Gegen Mitternacht begab sich die Gesellschaft in einen hellerleuchteten Speisesaal, wo ein prächtiges Mahl aufgetragen ward. Madame Recamier betrat den Saal an dem Arm des Directors La Réveillère-Lépeaux. Dort lud Barras, der Madame Bonaparte geführt hatte, sie ein, neben ihm Platz zu nehmen, so daß er zwischen der anmuthigen Josephine und der schönen Julie saß, mithin ein beneidenswerther Sterblicher war. Während des Mahles verfehlte Madame Recamier nicht, mit Barras den Gegenstand eingehend und dringend zu besprechen, um dessentwillen sie sich vorzüglich entschlossen hatte, auf dem Feste zu erscheinen. Sie sagte mit bewegter Stimme, daß es ihr fast wie ein Unrecht vorkomme, sich von so viel Lust und Pracht umgeben zu sehen, während ein bejahrter Priester, dessen Tugenden sie habe rühmen hören, nachdem er Jahrelang das harte Brod der Verbannung gekostet, jetzt bei seiner Rückkehr, nach der er sich täglich und stündlich gesehnt, in einen finstern Kerker geworfen worden sei und von dem Schrecklichsten bedroht werde. Madame Recamier wurde bei ihrer Erzählung so bewegt, daß ihr die Thränen in die Augen traten, und sie zu sprechen aufhören mußte, bevor sie mit ihrem Berichte zu Ende war. Barras, von sehr leichtfertigem, aber durchaus nicht bösartigem Charakter, bat Madame Recamier, ihren zarten Wangen durch das Salz der Thränen nicht ihren leuchtenden Schimmer zu rauben; er werde für den greisen Priester thun, was irgend in seiner Macht stehe. Der Priester ward auch bald darauf freigegeben, so daß Madame Recamier für ihr Erscheinen auf dem Feste bei Barras, was ihr erst sehr schwer gefallen war, sich reich belohnt fühlte.

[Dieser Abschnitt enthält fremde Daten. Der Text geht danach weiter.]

(* Let $\mathcal H$ be a separable complex Hilbert space, $A\in L(\mathcal H)^+$ and $\mathcal S$ a closed subspace such that $(A,\mathcal S)$ is compatible, and let $\mathcal N=\mathcal S\cap N(A)$. Then $$\Pi(A,\mathcal S)=P_{A,\mathcal S}+L(\mathcal H,\mathcal N)=\{P_{A,\mathcal S}+W:\ W\in L(\mathcal H),\ R(W)\subseteq\mathcal N\}.$$
   Context: $(A,\mathcal S)$ is compatible if there exists $Q\in L(\mathcal H)$ with $Q^2=Q$, $R(Q)=\mathcal S$, $AQ=Q^*A$. In that case $P_{A,\mathcal S}$ denotes the unique (bounded) oblique projection with range $\mathcal S$ and nullspace $A(\mathcal S)^\perp\cap\mathcal N^\perp$; it satisfies $AP_{A,\mathcal S}=P_{A,\mathcal S}^*A$. $\Pi(A,\mathcal S)$ is the set of $A$-projections into $\mathcal S$: operators $T\in L(\mathcal H)$ with $R(T)\subseteq\mathcal S$ and $\|y-Ty\|_A\le\|y-s\|_A$ for all $y\in\mathcal H$, $s\in\mathcal S$, where $\|z\|_A=\langle Az,z\rangle^{1/2}$. *)

From mathcomp Require Import all_boot all_algebra.
From mathcomp Require Import boolp classical_sets reals.
From mathcomp.real_closed Require Import complex.
Set Implicit Arguments. Unset Strict Implicit. Unset Printing Implicit Defensive.
Import GRing.Theory Num.Theory.
Local Open Scope ring_scope.
Local Open Scope classical_set_scope.

Section Hilbert.
Variables (R : realType) (H : lmodType R[i]) (ip : H -> H -> R[i]).

Definition inner_product : Prop :=
  [/\ (forall (a : R[i]) (x y z : H), ip (a *: x + y) z = a * ip x z + ip y z),
      (forall x y : H, ip y x = (ip x y)^*),
      (forall x : H, 0 <= ip x x) &
      (forall x : H, ip x x = 0 -> x = 0)].

Definition hnorm (x : H) : R := Num.sqrt (complex.Re (ip x x)).

Definition hconverges (u : nat -> H) (l : H) : Prop :=
  forall e : R, 0 < e -> exists N : nat, forall n : nat, (N <= n)%N -> hnorm (u n - l) < e.

Definition hcauchy (u : nat -> H) : Prop :=
  forall e : R, 0 < e -> exists N : nat,
    forall m n : nat, (N <= m)%N -> (N <= n)%N -> hnorm (u m - u n) < e.

Definition hcomplete : Prop :=
  forall u : nat -> H, hcauchy u -> exists l : H, hconverges u l.

Definition hseparable : Prop :=
  exists d : nat -> H, forall (x : H) (e : R), 0 < e -> exists n : nat, hnorm (x - d n) < e.

Definition separable_complex_Hilbert_space : Prop :=
  [/\ inner_product, hcomplete & hseparable].

Definition bounded_op (T : H -> H) : Prop :=
  (forall (a : R[i]) (x y : H), T (a *: x + y) = a *: T x + T y) /\
  exists M : R, forall x : H, hnorm (T x) <= M * hnorm x.

Definition is_adjoint (T Ts : H -> H) : Prop :=
  forall x y : H, ip (T x) y = ip x (Ts y).

Definition positive_op (A : H -> H) : Prop :=
  bounded_op A /\ forall x : H, 0 <= ip (A x) x.

Definition closed_subspace (S : set H) : Prop :=
  [/\ S 0,
      (forall (a : R[i]) (x y : H), S x -> S y -> S (a *: x + y)) &
      (forall (u : nat -> H) (l : H), (forall n, S (u n)) -> hconverges u l -> S l)].

Definition kernel (T : H -> H) : set H := [set x | T x = 0].

Definition orth (M : set H) : set H := [set y | forall m, M m -> ip y m = 0].

Definition compatible (A : H -> H) (S : set H) : Prop :=
  exists Q : H -> H, [/\ bounded_op Q, (forall x, Q (Q x) = Q x), range Q = S &
    exists Qs : H -> H, [/\ bounded_op Qs, is_adjoint Q Qs & forall x, A (Q x) = Qs (A x)]].

Definition is_P_AS (A : H -> H) (S : set H) (P : H -> H) : Prop :=
  [/\ bounded_op P, (forall x, P (P x) = P x), range P = S &
      kernel P = orth (A @` S) `&` orth (S `&` kernel A)].

Definition Anorm (A : H -> H) (z : H) : R := Num.sqrt (complex.Re (ip (A z) z)).

Definition A_projections (A : H -> H) (S : set H) : set (H -> H) :=
  [set T | [/\ bounded_op T, (forall y, S (T y)) &
     forall y s : H, S s -> Anorm A (y - T y) <= Anorm A (y - s)]].

End Hilbert.

From mathcomp Require Import all_boot all_algebra.
From mathcomp Require Import boolp classical_sets reals.
From mathcomp.real_closed Require Import complex.
From mathcomp Require Import all_order ring lra.
Set Implicit Arguments.
Unset Strict Implicit.
Unset Printing Implicit Defensive.
Import Order.TTheory GRing.Theory Num.Theory.
Local Open Scope complex_scope.
Local Open Scope ring_scope.
Local Open Scope classical_set_scope.

(* For every y the residual y - P y is A-orthogonal to S: N(P) lies in A(S)^perp
   and A is self-adjoint.  Hence ||y - s||_A^2 = ||y - P y||_A^2 + ||P y - s||_A^2
   for s in S, so T is an A-projection exactly when ||T y - P y||_A = 0 for all y,
   i.e. when A (T y - P y) = 0 by Cauchy-Schwarz for the positive form <A., .>. *)

Lemma sqr_le_mul_of_quadratic_ge0 (R : realFieldType) (a b c : R) : 0 <= b ->
  (forall t, 0 <= a + 2 * t * c + t ^+ 2 * b) -> c ^+ 2 <= a * b.
Proof.
move=> b_ge0 quad_ge0; have [b0|b_neq0] := eqVneq b 0.
  subst b; have [c0|c_neq0] := eqVneq c 0; first by subst c; lra.
  have := quad_ge0 (- (a + 1) / (2 * c)).
  have -> : 2 * (- (a + 1) / (2 * c)) * c = - (a + 1) by field; rewrite c_neq0.
  lra.
have b_gt0 : 0 < b by rewrite lt0r b_neq0 b_ge0.
have value_at_min : b * (a + 2 * (- c / b) * c + (- c / b) ^+ 2 * b) = a * b - c ^+ 2.
  by field.
have := mulr_ge0 b_ge0 (quad_ge0 (- c / b)); rewrite value_at_min; lra.
Qed.

Lemma complex_ge0P (R : rcfType) (z : R[i]) :
  0 <= z -> complex.Im z = 0 /\ 0 <= complex.Re z.
Proof. by case: z => a b; rewrite lecE /= => /andP[/eqP -> ->]. Qed.

Section LinearMap.
Variables (K : pzRingType) (U V : lmodType K) (T : U -> V).
Hypothesis T_lin : forall (a : K) (x y : U), T (a *: x + y) = a *: T x + T y.

Lemma linD x y : T (x + y) = T x + T y.
Proof. by have := T_lin 1 x y; rewrite !scale1r. Qed.

Lemma lin0 : T 0 = 0.
Proof. by apply: (addrI (T 0)); rewrite -linD !addr0. Qed.

Lemma linZ a x : T (a *: x) = a *: T x.
Proof. by have := T_lin a x 0; rewrite !addr0 lin0 addr0. Qed.

Lemma linN x : T (- x) = - T x.
Proof. by rewrite -scaleN1r linZ scaleN1r. Qed.

Lemma linB x y : T (x - y) = T x - T y.
Proof. by rewrite linD linN. Qed.

End LinearMap.

Section HermitianForm.
Variables (R : realType) (H : lmodType R[i]) (f : H -> H -> R[i]).
Hypothesis f_linl : forall (a : R[i]) (x y z : H), f (a *: x + y) z = a * f x z + f y z.
Hypothesis f_herm : forall x y : H, f y x = (f x y)^*.

Lemma formDl x y z : f (x + y) z = f x z + f y z.
Proof. by have := f_linl 1 x y z; rewrite scale1r mul1r. Qed.

Lemma form0l z : f 0 z = 0.
Proof. by apply: (addrI (f 0 z)); rewrite -formDl !addr0. Qed.

Lemma formZl a x z : f (a *: x) z = a * f x z.
Proof. by have := f_linl a x 0 z; rewrite !addr0 form0l addr0. Qed.

Lemma formNl x z : f (- x) z = - f x z.
Proof. by rewrite -scaleN1r formZl mulN1r. Qed.

Lemma formDr z x y : f z (x + y) = f z x + f z y.
Proof. by rewrite f_herm formDl rmorphD [f z x]f_herm [f z y]f_herm. Qed.

Lemma formZr z a x : f z (a *: x) = a^* * f z x.
Proof. by rewrite f_herm formZl rmorphM [f z x]f_herm. Qed.

Lemma formNr z x : f z (- x) = - f z x.
Proof. by rewrite f_herm formNl rmorphN [f z x]f_herm. Qed.

Lemma Re_form_addZr (r : R) x y :
  complex.Re (f (x + r%:C *: y) (x + r%:C *: y)) =
  complex.Re (f x x) + 2 * r * complex.Re (f x y) + r ^+ 2 * complex.Re (f y y).
Proof.
rewrite !formDl !formDr !formZl !formZr [f y x]f_herm.
by case: (f x x) (f x y) (f y y) => [a b] [c d] [e g] /=; ring.
Qed.

Lemma Re_formD x y : complex.Re (f (x + y) (x + y)) =
  complex.Re (f x x) + 2 * complex.Re (f x y) + complex.Re (f y y).
Proof. by have := Re_form_addZr 1 x y; rewrite scale1r mulr1 expr1n mul1r. Qed.

Hypothesis f_ge0 : forall x, 0 <= f x x.

Lemma Re_form_ge0 x : 0 <= complex.Re (f x x).
Proof. by case: (complex_ge0P (f_ge0 x)). Qed.

Lemma Re_form_CauchySchwarz x y :
  complex.Re (f x y) ^+ 2 <= complex.Re (f x x) * complex.Re (f y y).
Proof.
apply: sqr_le_mul_of_quadratic_ge0 (Re_form_ge0 y) _ => t.
by rewrite -Re_form_addZr Re_form_ge0.
Qed.

End HermitianForm.

Lemma sesquilinear_real_diag_herm (R : realType) (H : lmodType R[i])
    (g : H -> H -> R[i])
    (gDl : forall x y z, g (x + y) z = g x z + g y z)
    (gZl : forall a x z, g (a *: x) z = a * g x z)
    (gDr : forall z x y, g z (x + y) = g z x + g z y)
    (gZr : forall z a x, g z (a *: x) = a^* * g z x)
    (g_real : forall x, complex.Im (g x x) = 0) x y :
  g y x = (g x y)^*.
Proof.
(* polarization: the imaginary parts of g(x+y,x+y) and g(x+iy,x+iy) vanish *)
have := g_real (x + y); have := g_real (x + 'i%C *: y).
rewrite !gDl !gDr !gZl !gZr; have := g_real x; have := g_real y.
case: (g x x) (g x y) (g y x) (g y y) => [a b] [c d] [e k] [p q] /= hy hx hxiy hxy.
by apply/eqP; rewrite eq_complex /=; apply/andP; split; apply/eqP; lra.
Qed.

Section InnerProductSpace.
Variables (R : realType) (H : lmodType R[i]) (ip : H -> H -> R[i]).
Hypothesis ip_inner : inner_product ip.

Let ip_linl : forall (a : R[i]) (x y z : H), ip (a *: x + y) z = a * ip x z + ip y z.
Proof. by case: ip_inner. Qed.
Let ip_herm : forall x y : H, ip y x = (ip x y)^*.
Proof. by case: ip_inner. Qed.
Let ip_ge0 : forall x : H, 0 <= ip x x.
Proof. by case: ip_inner. Qed.

Lemma hnormN x : hnorm ip (- x) = hnorm ip x.
Proof. by rewrite /hnorm (formNl ip_linl) (formNr ip_linl ip_herm) opprK. Qed.

Lemma hnormD x y : hnorm ip (x + y) <= hnorm ip x + hnorm ip y.
Proof.
rewrite /hnorm (Re_formD ip_linl ip_herm).
have := Re_form_CauchySchwarz ip_linl ip_herm ip_ge0 x y.
have := Re_form_ge0 ip_ge0 x; have := Re_form_ge0 ip_ge0 y.
move: (complex.Re (ip x x)) (complex.Re (ip y y)) (complex.Re (ip x y)) => a b c b_ge0 a_ge0 cs.
have c_le : c <= Num.sqrt a * Num.sqrt b.
  by rewrite -sqrtrM // (le_trans (ler_norm c)) // -sqrtr_sqr ler_wsqrtr.
rewrite -[X in _ <= X]ger0_norm ?addr_ge0 ?sqrtr_ge0 // -sqrtr_sqr ler_wsqrtr //.
have := sqr_sqrtr a_ge0; have := sqr_sqrtr b_ge0; nra.
Qed.

Lemma bounded_opD (T W : H -> H) : bounded_op ip T -> bounded_op ip W ->
  bounded_op ip (fun x => T x + W x).
Proof.
move=> [T_lin [M T_bd]] [W_lin [N W_bd]]; split.
  by move=> a x y; rewrite T_lin W_lin scalerDr addrACA.
by exists (M + N) => x; rewrite mulrDl (le_trans (hnormD _ _)) ?lerD.
Qed.

Lemma bounded_opN (T : H -> H) : bounded_op ip T -> bounded_op ip (fun x => - T x).
Proof.
move=> [T_lin [M T_bd]]; split; first by move=> a x y; rewrite T_lin opprD scalerN.
by exists M => x; rewrite hnormN.
Qed.

End InnerProductSpace.

Section PositiveOperator.
Variables (R : realType) (H : lmodType R[i]) (ip : H -> H -> R[i]) (A : H -> H).

Definition Aform (x y : H) : R[i] := ip (A x) y.

Hypothesis ip_inner : inner_product ip.
Hypothesis A_pos : positive_op ip A.

Let ip_linl : forall (a : R[i]) (x y z : H), ip (a *: x + y) z = a * ip x z + ip y z.
Proof. by case: ip_inner. Qed.
Let ip_herm : forall x y : H, ip y x = (ip x y)^*.
Proof. by case: ip_inner. Qed.
Let A_lin : forall (a : R[i]) (x y : H), A (a *: x + y) = a *: A x + A y.
Proof. by case: A_pos => -[]. Qed.

Lemma Aform_ge0 x : 0 <= Aform x x.
Proof. by case: A_pos => _; apply. Qed.

Lemma Re_Aform_ge0 x : 0 <= complex.Re (Aform x x).
Proof. exact: Re_form_ge0 Aform_ge0 x. Qed.

Lemma Aform_linl (a : R[i]) x y z : Aform (a *: x + y) z = a * Aform x z + Aform y z.
Proof. by rewrite /Aform A_lin ip_linl. Qed.

Lemma Aform_herm x y : Aform y x = (Aform x y)^*.
Proof.
apply: sesquilinear_real_diag_herm.
- exact: formDl Aform_linl.
- exact: formZl Aform_linl.
- by move=> z x' y'; rewrite /Aform (formDr ip_linl ip_herm).
- by move=> z a x'; rewrite /Aform (formZr ip_linl ip_herm).
- by move=> z; case: (complex_ge0P (Aform_ge0 z)).
Qed.

Lemma positive_op_selfadj x y : ip (A x) y = ip x (A y).
Proof. by rewrite -/(Aform x y) Aform_herm [RHS]ip_herm. Qed.

Lemma Aform_eq0_kernel v : complex.Re (Aform v v) = 0 -> A v = 0.
Proof.
move=> Av0; case: ip_inner => _ _ ip_ge0 ip_def; apply: ip_def.
have := Re_form_CauchySchwarz Aform_linl Aform_herm Aform_ge0 v (A v).
rewrite Av0 mul0r /Aform => sqr_le0.
have [Im0 _] := complex_ge0P (ip_ge0 (A v)).
have Re0 : complex.Re (ip (A v) (A v)) = 0.
  by have := sqr_ge0 (complex.Re (ip (A v) (A v))); nra.
by rewrite [LHS]complexE Re0 Im0 mulr0 addr0.
Qed.

End PositiveOperator.

Section ASubspaceProjection.
Variables (R : realType) (H : lmodType R[i]) (ip : H -> H -> R[i]) (A : H -> H).
Variables (S : set H) (P : H -> H).
Hypothesis ip_inner : inner_product ip.
Hypothesis A_pos : positive_op ip A.
Hypothesis S_lin : forall (a : R[i]) (x y : H), S x -> S y -> S (a *: x + y).
Hypothesis P_AS : is_P_AS ip A S P.

Lemma subspaceD x y : S x -> S y -> S (x + y).
Proof. by move=> Sx Sy; have := S_lin 1 Sx Sy; rewrite scale1r. Qed.

Lemma subspaceB x y : S x -> S y -> S (x - y).
Proof. by move=> Sx Sy; have := S_lin (-1) Sy Sx; rewrite scaleN1r addrC. Qed.

Lemma P_AS_range y : S (P y).
Proof. by case: P_AS => _ _ <- _; exists y. Qed.

Lemma P_AS_residual_Aorth y s : S s -> Aform ip A (y - P y) s = 0.
Proof.
case: P_AS => [[P_lin _] P_idem _ P_ker] Ss.
have : kernel P (y - P y) by rewrite /kernel /= (linB P_lin) P_idem subrr.
rewrite P_ker => -[orth_AS _].
by rewrite /Aform (positive_op_selfadj ip_inner A_pos); apply: orth_AS; exists s.
Qed.

Lemma Re_Aform_Pythagoras y s : S s ->
  complex.Re (Aform ip A (y - s) (y - s)) =
  complex.Re (Aform ip A (y - P y) (y - P y)) + complex.Re (Aform ip A (P y - s) (P y - s)).
Proof.
move=> Ss; have -> : y - s = (y - P y) + (P y - s) by rewrite addrA subrK.
have orth := P_AS_residual_Aorth y (subspaceB (P_AS_range y) Ss).
have Aform_linl := Aform_linl ip_inner A_pos; have Aform_herm := Aform_herm ip_inner A_pos.
by rewrite (Re_formD Aform_linl Aform_herm (y - P y)) orth /= mulr0 addr0.
Qed.

Lemma A_projection_iff (T : H -> H) : (forall y, S (T y)) ->
  (forall y s, S s -> Anorm ip A (y - T y) <= Anorm ip A (y - s)) <->
  (forall y, A (T y - P y) = 0).
Proof.
have [[A_lin _] _] := A_pos; have Re_Aform_ge0 := Re_Aform_ge0 A_pos.
move=> TS; split=> [T_min y | A_TP0 y s Ss].
- suff A_PT0 : A (P y - T y) = 0 by rewrite -opprB (linN A_lin) A_PT0 oppr0.
  apply: (Aform_eq0_kernel ip_inner A_pos); apply/eqP; rewrite eq_le Re_Aform_ge0 andbT.
  have := T_min y (P y) (P_AS_range y).
  rewrite /Anorm ler_sqrt; last exact: Re_Aform_ge0.
  by rewrite (Re_Aform_Pythagoras y (TS y)) gerDl.
- have [ip_linl _ _ _] := ip_inner.
  have Aform_PT0 : Aform ip A (P y - T y) (P y - T y) = 0.
    by rewrite /Aform -opprB (linN A_lin) A_TP0 oppr0 (form0l ip_linl).
  rewrite /Anorm ler_wsqrtr // (Re_Aform_Pythagoras y (TS y)) (Re_Aform_Pythagoras y Ss).
  by rewrite Aform_PT0 addr0 lerDl Re_Aform_ge0.
Qed.

End ASubspaceProjection.

Theorem mainTheorem8 (R : realType) (H : lmodType R[i]) (ip : H -> H -> R[i])
  (hH : separable_complex_Hilbert_space ip)
  (A : H -> H) (hA : positive_op ip A)
  (S : set H) (hS : closed_subspace ip S) (hcomp : compatible ip A S)
  (P : H -> H) (hP : is_P_AS ip A S P) :
  A_projections ip A S =
  [set T | exists W : H -> H, [/\ bounded_op ip W, (forall x, (S `&` kernel A) (W x)) &
                                  T = (fun x => P x + W x)]].
Proof.
have [ip_inner _ _] := hH; have [_ S_lin _] := hS; have [P_bd _ _ _] := hP.
have proj_iff := A_projection_iff ip_inner hA S_lin hP.
apply/seteqP; split=> T /=.
- case=> T_bd TS T_min; exists (fun x => T x - P x); split.
  + exact: (bounded_opD ip_inner T_bd (bounded_opN ip_inner P_bd)).
  + move=> x; split; first exact: (subspaceB S_lin (TS x) (P_AS_range hP x)).
    exact: (proj_iff T TS).1.
  + by apply/funext => x; rewrite addrC subrK.
- case=> W [W_bd W_ker ->].
  have TS y : S (P y + W y).
    by apply: (subspaceD S_lin (P_AS_range hP y)); case: (W_ker y).
  split=> //; first exact: (bounded_opD ip_inner P_bd W_bd).
  by apply: (proj_iff _ TS).2 => y; rewrite addrC addKr; case: (W_ker y).
Qed.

Die Zeitungen berichteten ausführlich von diesem glänzenden Feste bei'm Director Barras und theilten einige Verse mit, in denen der Dichter Despaze die schöne Julie gefeiert hatte.

So empfing Madame Recamier überall, wo sie erschien, die Huldigungen, die ihrer seltenen Anmuth gebührten.